Flappy Bird hack using Deep Reinforcement Learning (Deep Q-learning).

Overview

Using Deep Q-Network to Learn How To Play Flappy Bird

7 mins version: DQN for flappy bird

Overview

This project follows the description of the Deep Q Learning algorithm described in Playing Atari with Deep Reinforcement Learning [2] and shows that this learning algorithm can be further generalized to the notorious Flappy Bird.

Installation Dependencies:

  • Python 2.7 or 3
  • TensorFlow 0.7
  • pygame
  • OpenCV-Python

How to Run?

git clone https://github.com/yenchenlin1994/DeepLearningFlappyBird.git
cd DeepLearningFlappyBird
python deep_q_network.py

What is Deep Q-Network?

It is a convolutional neural network, trained with a variant of Q-learning, whose input is raw pixels and whose output is a value function estimating future rewards.

For those who are interested in deep reinforcement learning, I highly recommend to read the following post:

Demystifying Deep Reinforcement Learning

Deep Q-Network Algorithm

The pseudo-code for the Deep Q Learning algorithm, as given in [1], can be found below:

Initialize replay memory D to size N
Initialize action-value function Q with random weights
for episode = 1, M do
    Initialize state s_1
    for t = 1, T do
        With probability ϵ select random action a_t
        otherwise select a_t=max_a  Q(s_t,a; θ_i)
        Execute action a_t in emulator and observe r_t and s_(t+1)
        Store transition (s_t,a_t,r_t,s_(t+1)) in D
        Sample a minibatch of transitions (s_j,a_j,r_j,s_(j+1)) from D
        Set y_j:=
            r_j for terminal s_(j+1)
            r_j+γ*max_(a^' )  Q(s_(j+1),a'; θ_i) for non-terminal s_(j+1)
        Perform a gradient step on (y_j-Q(s_j,a_j; θ_i))^2 with respect to θ
    end for
end for

Experiments

Environment

Since deep Q-network is trained on the raw pixel values observed from the game screen at each time step, [3] finds that remove the background appeared in the original game can make it converge faster. This process can be visualized as the following figure:

Network Architecture

According to [1], I first preprocessed the game screens with following steps:

  1. Convert image to grayscale
  2. Resize image to 80x80
  3. Stack last 4 frames to produce an 80x80x4 input array for network

The architecture of the network is shown in the figure below. The first layer convolves the input image with an 8x8x4x32 kernel at a stride size of 4. The output is then put through a 2x2 max pooling layer. The second layer convolves with a 4x4x32x64 kernel at a stride of 2. We then max pool again. The third layer convolves with a 3x3x64x64 kernel at a stride of 1. We then max pool one more time. The last hidden layer consists of 256 fully connected ReLU nodes.

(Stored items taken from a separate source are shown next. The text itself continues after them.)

Lemma bit_run_chain prev rest : all (fun on => size on.2 == l) rest ->
  (foldl bit_trans (after_block prev) (enc_chain rest) \in bit_final) =
  chain_bit_ok j prev rest.
Proof.
elim: rest prev => [|[c a] rest IH] prev /=; first by rewrite inE.
move=> /andP[/eqP size_a sizes]; rewrite foldl_cat /=.
case: (is_op c); last by rewrite !foldl_bit_dead inE.
rewrite bit_run_block //= eq_sym.
by case: (_ == _); [exact: IH | rewrite foldl_bit_dead inE].
Qed.

Lemma bit_accept_chainE n0 rest : size n0 = l -> all (fun on => size on.2 == l) rest ->
  dfa_accept bit_dfa (enc_block G2 n0 ++ enc_chain rest) = chain_bit_ok j n0 rest.
Proof.
move=> size_n0 sizes; rewrite /dfa_accept foldl_cat /= bit_run_block // eqxx.
exact: bit_run_chain.
Qed.

End BitAutomaton.

Theorem claim4p7 :
  exists c : nat, forall (l : nat), 0 < l -> forall (G2 : finType),
    exists B : 'I_l -> dfa (alphabet G2),
      (forall i, #|@dfa_state _ (B i)| <= c * l) /\
      (forall w : seq (alphabet G2), L_lang l w <-> (forall i, dfa_accept (B i) w)).
Proof.
exists 33 => l l_gt0 G2; exists (fun i : 'I_l => bit_dfa G2 l i); split=> [i | w].
  by rewrite /= card_bit_state; lia.
split=> [[n0 [rest [size_n0 chain ->]]] i | accept].
  have [sizes bits] := (chain_okE rest l_gt0 size_n0).1 chain.
  by rewrite (bit_accept_chainE (ltn_ord i)) // bits.
have [n0 [rest [size_n0 sizes eq_w]]] := bit_accept_split (accept (Ordinal l_gt0)).
exists n0, rest; split=> //; apply/(chain_okE rest l_gt0 size_n0); split=> // k lt_kl.
by rewrite -(bit_accept_chainE lt_kl) // -eq_w; apply: accept (Ordinal lt_kl).
Qed.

The final output layer has the same dimensionality as the number of valid actions which can be performed in the game, where the 0th index always corresponds to doing nothing. The values at this output layer represent the Q function given the input state for each valid action. At each time step, the network performs whichever action corresponds to the highest Q value using a ϵ greedy policy.

Training

At first, I initialize all weight matrices randomly using a normal distribution with a standard deviation of 0.01, then set the replay memory with a max size of 500,00 experiences.

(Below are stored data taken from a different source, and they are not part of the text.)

Lemma split_energy_order_case2 :
  ((n / 2) mod 4 = 2)%nat -> strictly_decreasing_along (split_energy n) (order_case2 (n / 2)).
Proof.
  intros Hm. euclid4 n. euclid2 n. euclid4 (n / 2)%nat. euclid4 (n / 2 - 2)%nat.
  unfold order_case2.
  apply decreasing_along_two_blocks with (c := 2 * INR n / PI).
  - apply sorted_map_seq. intros i _ Hi.
    replace (4 * (i + 1 + 1))%nat with (4 * (i + 1) + 4)%nat by lia.
    euclid4 (4 * (i + 1))%nat. apply split_energy_step_mod0; lia.
  - apply sorted_map_seq. intros i _ Hi.
    replace (n / 2 - 4 * i)%nat with (n / 2 - 4 * (i + 1) + 4)%nat by lia.
    euclid4 (n / 2 - 4 * (i + 1))%nat. apply split_energy_step_mod2; lia.
  - intros x Hx. apply in_map_iff in Hx as [i [<- Hi]]. apply in_seq in Hi.
    euclid4 (4 * (i + 1))%nat. apply split_energy_mod0_gt; lia.
  - intros y Hy. apply in_map_iff in Hy as [i [<- Hi]]. apply in_seq in Hi.
    euclid4 (n / 2 - 4 * i)%nat. apply split_energy_mod2_lt; lia.
Qed.

End SplitEnergy.

Theorem lemma3p7 (n : nat) (Hn : (5 < n)%nat) (Hn4 : (n mod 4 = 0)%nat) :
  (forall r : nat, Nat.Even r -> (2 <= r <= n - 2)%nat ->
     E_D_negneg n r (n - r) <= E_D_negneg n 4 (n - 4))
  /\ ((n / 2) mod 4 = 0 -> 
      strictly_decreasing_along (fun r => E_D_negneg n r (n - r)) (order_case0 (n / 2)))%nat
  /\ ((n / 2) mod 4 = 2 ->
      strictly_decreasing_along (fun r => E_D_negneg n r (n - r)) (order_case2 (n / 2)))%nat.
Proof.
  assert (Hn8 : (8 <= n)%nat) by (euclid4 n; lia).
  split; [|split].
  - intros r Hev Hr. exact (split_energy_max_at_4 n Hn4 r Hn8 Hev Hr).
  - exact (split_energy_order_case0 n Hn4).
  - exact (split_energy_order_case2 n Hn4).
Qed.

I start training by choosing actions uniformly at random for the first 10,000 time steps, without updating the network weights. This allows the system to populate the replay memory before training begins.

Note that unlike [1], which initialize ϵ = 1, I linearly anneal ϵ from 0.1 to 0.0001 over the course of the next 3000,000 frames. The reason why I set it this way is that agent can choose an action every 0.03s (FPS=30) in our game, high ϵ will make it flap too much and thus keeps itself at the top of the game screen and finally bump the pipe in a clumsy way. This condition will make Q function converge relatively slow since it only start to look other conditions when ϵ is low. However, in other games, initialize ϵ to 1 is more reasonable.

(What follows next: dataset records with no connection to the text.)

Definition mc_adj_but l h : rel V :=
  fun x y => has (fun j => [&& j != h, x \in nth set0 l j & y \in nth set0 l j])
                 (iota 0 (size l)).

Lemma mc_adj_but_in l h C x y :
  C \in l -> C != nth set0 l h -> x \in C -> y \in C -> mc_adj_but l h x y.
Proof.
move=> Cl Ch xC yC; apply/hasP; exists (index C l); first by rewrite mem_iota index_mem.
rewrite nth_index // xC yC !andbT; apply: contra Ch => /eqP <-.
by rewrite nth_index.
Qed.

(* A shortest path from u to v avoiding clique h, closed by an edge of clique h,
   is a simple cycle that is not monochromatic. *)
Lemma mc_acyclic_cut l h u v :
  mc_acyclic l -> h < size l -> u != v -> u \in nth set0 l h -> v \in nth set0 l h ->
  ~~ connect (mc_adj_but l h) u v.
Proof.
move=> acyc hl uv uh vh; apply/negP => /connectP[p0 /shortenP[p pth up _] lastp].
case: p pth up lastp => [|x1 p] pth up lastp; first by rewrite lastp eqxx in uv.
pose vs (k : 'I_(size p).+2) := nth u [:: u, x1 & p] k.
pose Q (k : 'I_(size p).+2) j :=
  [&& j != h, vs k \in nth set0 l j & vs (ordS k) \in nth set0 l j].
pose cs (k : 'I_(size p).+2) :=
  if k < (size p).+1 then find (Q k) (iota 0 (size l)) else h.
have Qcs (k : 'I_(size p).+2) : k < (size p).+1 -> cs k < size l /\ Q k (cs k).
  move=> kp; have hasQ : has (Q k) (iota 0 (size l)).
    by move/pathP: pth => /(_ u k kp); rewrite /Q /vs ordS_val kp.
  rewrite /cs kp; have := hasQ; rewrite has_find size_iota => csl.
  by split=> //; have := nth_find 0 hasQ; rewrite nth_iota.
have cyc : mc_cycle l vs cs.
  split; first by move=> i j /eqP; rewrite nth_uniq // => /eqP/val_inj.
  split=> [k|n0]; last by rewrite /cs ltnn; have [_ /and3P[/eqP]] := Qcs ord0 isT.
  case: (ltnP k (size p).+1) => [kp|pk]; first by have [? /and3P[]] := Qcs k kp.
  have kmax : nat_of_ord k = (size p).+1 by have := ltn_ord k; lia.
  rewrite /cs /vs ordS_val kmax ltnn /=.
  have -> : nth u (x1 :: p) (size p) = v by rewrite lastp (last_nth u).
  by split.
have := acyc _ vs cs cyc ord0 ord_max; rewrite /cs ltnn.
by have [_ /and3P[/eqP]] := Qcs ord0 isT.
Qed.

Lemma mc_acyclic_count_edge l x y : mc_acyclic l -> x != y ->
  count (fun C => (x \in C) && (y \in C)) l <= 1.
Proof.
move=> acyc xy; rewrite leqNgt; apply/negP => /(count_gt1_idx set0)[i [j []]].
move=> ij jl /andP[xi yi] /andP[xj yj].
have := mc_acyclic_cut acyc (ltn_trans ij jl) xy xi yi; rewrite connect1 //.
by apply/hasP; exists j; rewrite ?mem_iota //= (gtn_eqF ij) xj yj.
Qed.

Definition adj_within T D : rel V :=
  fun x y => has (fun e : {set V} => [&& x \in e, y \in e & e \subset D]) T.

(* Along a walk of T from u, the first vertex of D met after leaving D cannot be
   distinct from the last one before leaving it: they would be joined outside
   clique h. *)
Lemma spanning_connect_clique l T h u v :
  mc_acyclic l -> mc_connected T -> (forall e, e \in T -> has (fun C => e \subset C) l) ->
  h < size l -> u \in nth set0 l h -> v \in nth set0 l h ->
  connect (adj_within T (nth set0 l h)) u v.
Proof.
move=> acyc Tconn Tl hl uh vh; set D := nth set0 l h.
pose I c := exists2 p, (p \in D) && connect (adj_within T D) u p
                     & connect (mc_adj_but l h) p c.
have stuck p c : p \in D -> c \in D -> connect (mc_adj_but l h) p c -> p = c.
  move=> pD cD pc; apply/eqP/negPn/negP => /(mc_acyclic_cut acyc hl)/(_ pD cD).
  by rewrite pc.
have step c z : mc_adj T c z -> I c -> I z.
  move=> /hasP[e eT /andP[ce ze]] [p /andP[pD up] pc].
  have [eD|eD] := boolP (e \subset D).
    have pc' := stuck p c pD (subsetP eD c ce) pc; subst p.
    exists z; rewrite ?connect0 // (subsetP eD) //=.
    by apply: connect_trans up (connect1 _); apply/hasP; exists e; rewrite ?ce ?ze.
  exists p; rewrite ?pD //; apply: connect_trans pc (connect1 _).
  have /hasP[C Cl eC] := Tl e eT.
  apply: (mc_adj_but_in Cl); rewrite ?(subsetP eC) //.
  by apply: contra eD => /eqP CD; rewrite /D -CD.
have [p /andP[pD up] pv] : I v.
  have walk q c : path (mc_adj T) c q -> I c -> I (last c q).
    by elim: q c => [|z q IH] c //= /andP[cz pth] Ic; apply: IH pth (step _ _ cz Ic).
  have /connectP[q pth ->] := Tconn u v.
  by apply: walk pth _; exists u; rewrite ?uh ?connect0.
by rewrite -(stuck p v pD vh pv).
Qed.

Lemma card_le2_third C x y z : #|C| <= 2 -> x \in C -> y \in C -> z \in C ->
  x != y -> z != x -> z = y.
Proof.
move=> C2 xC yC zC xy zx; apply/eqP/negPn/negP => zy.
suff: 2 < #|C| by rewrite ltnNge C2.
by apply/card_gt2P; exists x, y, z; rewrite [y == z]eq_sym zy.
Qed.

(* Two edges of a cycle sharing a colour would join the same pair of vertices,
   which only happens for the cycles of length 2 excluded by [mc_cycle]. *)
Lemma mc_cycle_color_inj l n (vs : 'I_n.+2 -> V) cs :
  (forall C, C \in l -> #|C| <= 2) -> mc_cycle l vs cs -> injective cs.
Proof.
move=> l2 [vs_inj [edge n0]] k k' ckk'; apply/eqP/negPn/negP => kk'.
have [ckl [vk vSk]] := edge k; have [_ [vk' vSk']] := edge k'; rewrite -ckk' in vk' vSk'.
have C2 := l2 _ (mem_nth set0 ckl).
have vS i : vs (ordS i) != vs i by apply: contra (ordS_neq i) => /eqP/vs_inj ->.
have k'E : k' = ordS k.
  apply: (vs_inj); apply: card_le2_third C2 vk vSk vk' _ _; first by rewrite eq_sym vS.
  by apply: contra kk' => /eqP/vs_inj ->.
have SSk : ordS (ordS k) = k.
  apply: (vs_inj); rewrite -k'E; apply: card_le2_third C2 vk' vk vSk' _ (vS k').
  by rewrite k'E vS.
have n_0 := ordS_involutive SSk; subst n; apply: n0 => //.
have [e|e] : k = ord0 \/ k = ord_max.
  by case: (k) => [[|[|m]] km]; [left|right|]; try apply/val_inj.
all: by rewrite e in ckk' k'E; rewrite ckk' k'E; congr cs; apply/val_inj.
Qed.

End MultiCliques.

Section LongestCommonPrefix.
Variables (X : eqType) (x0 : X).
Implicit Types u v p q : seq X.

Lemma prefix_size_eq p u : prefix p u -> size u <= size p -> p = u.
Proof.
move=> /prefixP[r ->]; rewrite size_cat -{2}(addn0 (size p)) leq_add2l leqn0 size_eq0.
by move/eqP ->; rewrite cats0.
Qed.

Lemma prefix_size_prefix p q u : prefix p u -> prefix q u -> size p <= size q -> prefix p q.
Proof. by rewrite !prefixE => /eqP pu /eqP qu pq; rewrite -qu take_takel // pu. Qed.

Lemma nth_prefix p u i : prefix p u -> i < size p -> nth x0 u i = nth x0 p i.
Proof. by move=> /prefixP[r ->] ip; rewrite nth_cat ip. Qed.

Lemma prefix_rconsE p y u :
  prefix (rcons p y) u = [&& prefix p u, size p < size u & nth x0 u (size p) == y].
Proof.
elim: p u => [|c p IH] [|a u] //=; first by rewrite prefix0s andbT eq_sym.
by rewrite IH ltnS andbA.
Qed.

Lemma lcpC u v : lcp u v = lcp v u.
Proof.
elim: u v => [|a u IH] [|b v] //=; rewrite eq_sym.
by case: ifP => // /eqP ->; rewrite IH.
Qed.

Lemma lcp_prefixl u v : prefix (lcp u v) u.
Proof. elim: u v => [|a u IH] [|b v] //=; case: ifP => // _ /=; by rewrite eqxx IH. Qed.

Lemma lcp_prefixr u v : prefix (lcp u v) v.
Proof. by rewrite lcpC lcp_prefixl. Qed.

Lemma lcp_eq p u v : prefix p u -> prefix p v -> size p < size u -> size p < size v ->
  nth x0 u (size p) != nth x0 v (size p) -> lcp u v = p.
Proof.
elim: p u v => [|c p IH] [|a u] [|b v] //=; first by case: ifP => // /eqP ->; rewrite eqxx.
by move=> /andP[/eqP <- pu] /andP[/eqP <- pv] su sv d; rewrite eqxx (IH u v).
Qed.

End LongestCommonPrefix.

Section PrefixCode.
Variables (A B : finType) (v : A -> seq B) (x0 : B) (L : seq (seq B)).
Hypothesis v_prefix_free : forall a b, prefix (v a) (v b) -> a = b.
Hypothesis v_neq0 : forall a, v a != [::].
Hypothesis L_uniq : uniq L.
Hypothesis lcp_in_L : forall a b, a != b -> lcp (v a) (v b) \in L.

(* For v a = sigma(a)w these are A^R_{sigma,p}, phi^R_{sigma,p}, sigma^R and right
   validity, with L in the role of T^R(sigma). *)
Definition Av (p : seq B) : {set A} := [set a | prefix p (v a) && (size p < size (v a))].
Definition phiv (p : seq B) (C : {set A}) : {set B} :=
  [set b | [exists a in C, prefix (rcons p b) (v a)]].
Definition sigmav (G : seq {set A}) : seq {set B} := [seq phiv p C | p <- L, C <- G].
Definition v_valid (G' : seq {set B}) (G : seq {set A}) : Prop :=
  [/\ mc_acyclic G, mc_connected G,
      (forall p, p \in L -> mc_connected_on (Av p) G),
      mc_eq G' (sigmav G) & mc_acyclic G' /\ mc_connected G'].
Definition letter (a : A) (p : seq B) := nth x0 (v a) (size p).

Lemma in_phiv y p C : (y \in phiv p C) = [exists a in C, (a \in Av p) && (letter a p == y)].
Proof.
rewrite inE; apply: eq_existsb => a; rewrite (prefix_rconsE x0) inE /letter.
by case: (a \in C); rewrite //= andbA.
Qed.

Lemma lcp_Av a b p : a \in Av p -> b \in Av p -> letter a p != letter b p ->
  lcp (v a) (v b) = p.
Proof. by rewrite !inE => /andP[pa sa] /andP[pb sb]; apply: lcp_eq. Qed.

Lemma Av_rcons_letter a b p : a \in Av p -> b \in Av p -> letter a p = letter b p ->
  a != b -> a \in Av (rcons p (letter a p)) /\ b \in Av (rcons p (letter a p)).
Proof.
move=> aP bP ab_letter ab.
have pref c : c \in Av p -> letter c p = letter a p -> prefix (rcons p (letter a p)) (v c).
  by rewrite inE (prefix_rconsE x0) => /andP[-> ->] <-; rewrite eqxx.
have [pa pb] := (pref a aP erefl, pref b bP (esym ab_letter)).
have long c d : prefix (rcons p (letter a p)) (v c) -> prefix (rcons p (letter a p)) (v d) ->
    c != d -> c \in Av (rcons p (letter a p)).
  move=> pc pd cd; rewrite inE pc ltn_neqAle size_prefix // andbT.
  apply: contra cd => /eqP s_eq; have e := prefix_size_eq pc (eq_leq (esym s_eq)).
  by rewrite (v_prefix_free (_ : prefix (v c) (v d))) // -e.
by split; [apply: long pa pb ab | apply: long pb pa _; rewrite eq_sym].
Qed.

Lemma Av_rcons_sub p y : Av (rcons p y) \subset Av p.
Proof.
apply/subsetP => a; rewrite !inE (prefix_rconsE x0).
by case/andP => /and3P[-> ps _] _; rewrite ps.
Qed.

Lemma letter_prefix a p q : a \in Av q -> prefix p q -> size p < size q ->
  letter a p = nth x0 q (size p).
Proof. by rewrite inE => /andP[qa _] pq sp; rewrite /letter (nth_prefix _ qa). Qed.

Lemma count_sigmav_gt1 G (P : pred {set B}) p q C D :
  p \in L -> q \in L -> p != q -> C \in G -> D \in G -> P (phiv p C) -> P (phiv q D) ->
  1 < count P (sigmav G).
Proof.
move=> pL qL pq CG DG PC PD.
have qr : q \in rem p L by rewrite mem_rem_uniq // inE eq_sym pq qL.
have pqL : perm_eq L (p :: q :: rem q (rem p L)).
  by apply: perm_trans (perm_to_rem pL) _; rewrite perm_cons perm_to_rem.
rewrite /sigmav (permP (perm_allpairs _ pqL (perm_refl G))) /= !count_cat addnA.
rewrite (leq_trans _ (leq_addr _ _)) // -(addn1 1) leq_add // -has_count.
  by apply/hasP; exists (phiv p C); rewrite ?map_f.
by apply/hasP; exists (phiv q D); rewrite ?map_f.
Qed.

Section Lift.
Variables (G : seq {set A}) (Gp Tp : seq {set B}).
Hypothesis G_valid : v_valid Gp G.
Hypothesis Tp_spanning : spanning_tree Tp Gp.

Definition lifts (e : {set B}) (t : seq B * A * A) : Prop :=
  let: (p, a, b) := t in
  [/\ p \in L, exists2 C, C \in G & (a \in C) && (b \in C),
      (a \in Av p) && (b \in Av p), letter a p != letter b p &
      e = [set letter a p; letter b p]].

Lemma phiv_in_Gp p C : p \in L -> C \in G -> 1 < #|phiv p C| -> phiv p C \in Gp.
Proof.
case: G_valid => _ _ _ eqG _ pL CG big.
have : phiv p C \in [seq D <- sigmav G | 1 < #|(D : {set B})|].
  by rewrite mem_filter big allpairs_f.
by rewrite -(perm_mem eqG) mem_filter => /andP[].
Qed.

Lemma Tp_pair e : e \in Tp -> exists x y, x != y /\ e = [set x; y].
Proof. by case: Tp_spanning => [[Tp2 _] _] eT; apply/cards2P; apply: (allP Tp2). Qed.

Lemma lifts_exist e : e \in Tp -> exists t, lifts e t.
Proof.
case: G_valid => _ _ _ eqG _; case: Tp_spanning => [_ TpGp] eT.
have /hasP[D DGp eD] := TpGp e eT.
have [x [y [xy exy]]] := Tp_pair eT.
have : D \in [seq C <- Gp | 1 < #|(C : {set B})|].
  by rewrite mem_filter DGp (leq_trans _ (subset_leq_card eD)) // exy cards2 xy.
rewrite (perm_mem eqG) mem_filter => /andP[_ /allpairsP[[p C] [/= pL CG DE]]].
have : x \in D by apply: (subsetP eD); rewrite exy set21.
have : y \in D by apply: (subsetP eD); rewrite exy set22.
rewrite DE !in_phiv => /exists_inP[b bC /andP[bP /eqP by_]].
move=> /exists_inP[a aC /andP[aP /eqP ax]]; rewrite -ax -by_ in xy exy.
by exists (p, a, b); split; rewrite ?aP ?bP //; exists C; rewrite ?aC ?bC.
Qed.

Variable a0 : A.
Variable tl : seq (seq B * A * A).
Hypothesis tl_size : size tl = size Tp.
Hypothesis tl_lifts : forall i, i < size Tp -> lifts (nth set0 Tp i) (nth ([::], a0, a0) tl i).

Definition lev i := (nth ([::], a0, a0) tl i).1.1.
Definition la i := (nth ([::], a0, a0) tl i).1.2.
Definition lb i := (nth ([::], a0, a0) tl i).2.
Definition T : seq {set A} := [seq [set t.1.2; t.2] | t <- tl].

Lemma size_T : size T = size Tp.
Proof. by rewrite size_map tl_size. Qed.

Lemma nth_T i : i < size Tp -> nth set0 T i = [set la i; lb i].
Proof. by move=> iT; rewrite (nth_map ([::], a0, a0)) // tl_size. Qed.

Lemma liftP i : i < size Tp ->
  [/\ lev i \in L, exists2 C, C \in G & (la i \in C) && (lb i \in C),
      (la i \in Av (lev i)) && (lb i \in Av (lev i)),
      letter (la i) (lev i) != letter (lb i) (lev i) &
      nth set0 Tp i = [set letter (la i) (lev i); letter (lb i) (lev i)]].
Proof. by move/tl_lifts; rewrite /lev /la /lb; case: (nth _ tl i) => [[p a] b]. Qed.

During training time, at each time step, the network samples minibatches of size 32 from the replay memory to train on, and performs a gradient step on the loss function described above using the Adam optimization algorithm with a learning rate of 0.000001. After annealing finishes, the network continues to train indefinitely, with ϵ fixed at 0.001.

FAQ

Checkpoint not found

Change first line of saved_networks/checkpoint to

model_checkpoint_path: "saved_networks/bird-dqn-2920000"

How to reproduce?

  1. Comment out these lines

  2. Modify deep_q_network.py's parameter as follow:

OBSERVE = 10000
EXPLORE = 3000000
FINAL_EPSILON = 0.0001
INITIAL_EPSILON = 0.1

References

[1] Mnih Volodymyr, Koray Kavukcuoglu, David Silver, Andrei A. Rusu, Joel Veness, Marc G. Bellemare, Alex Graves, Martin Riedmiller, Andreas K. Fidjeland, Georg Ostrovski, Stig Petersen, Charles Beattie, Amir Sadik, Ioannis Antonoglou, Helen King, Dharshan Kumaran, Daan Wierstra, Shane Legg, and Demis Hassabis. Human-level Control through Deep Reinforcement Learning. Nature, 529-33, 2015.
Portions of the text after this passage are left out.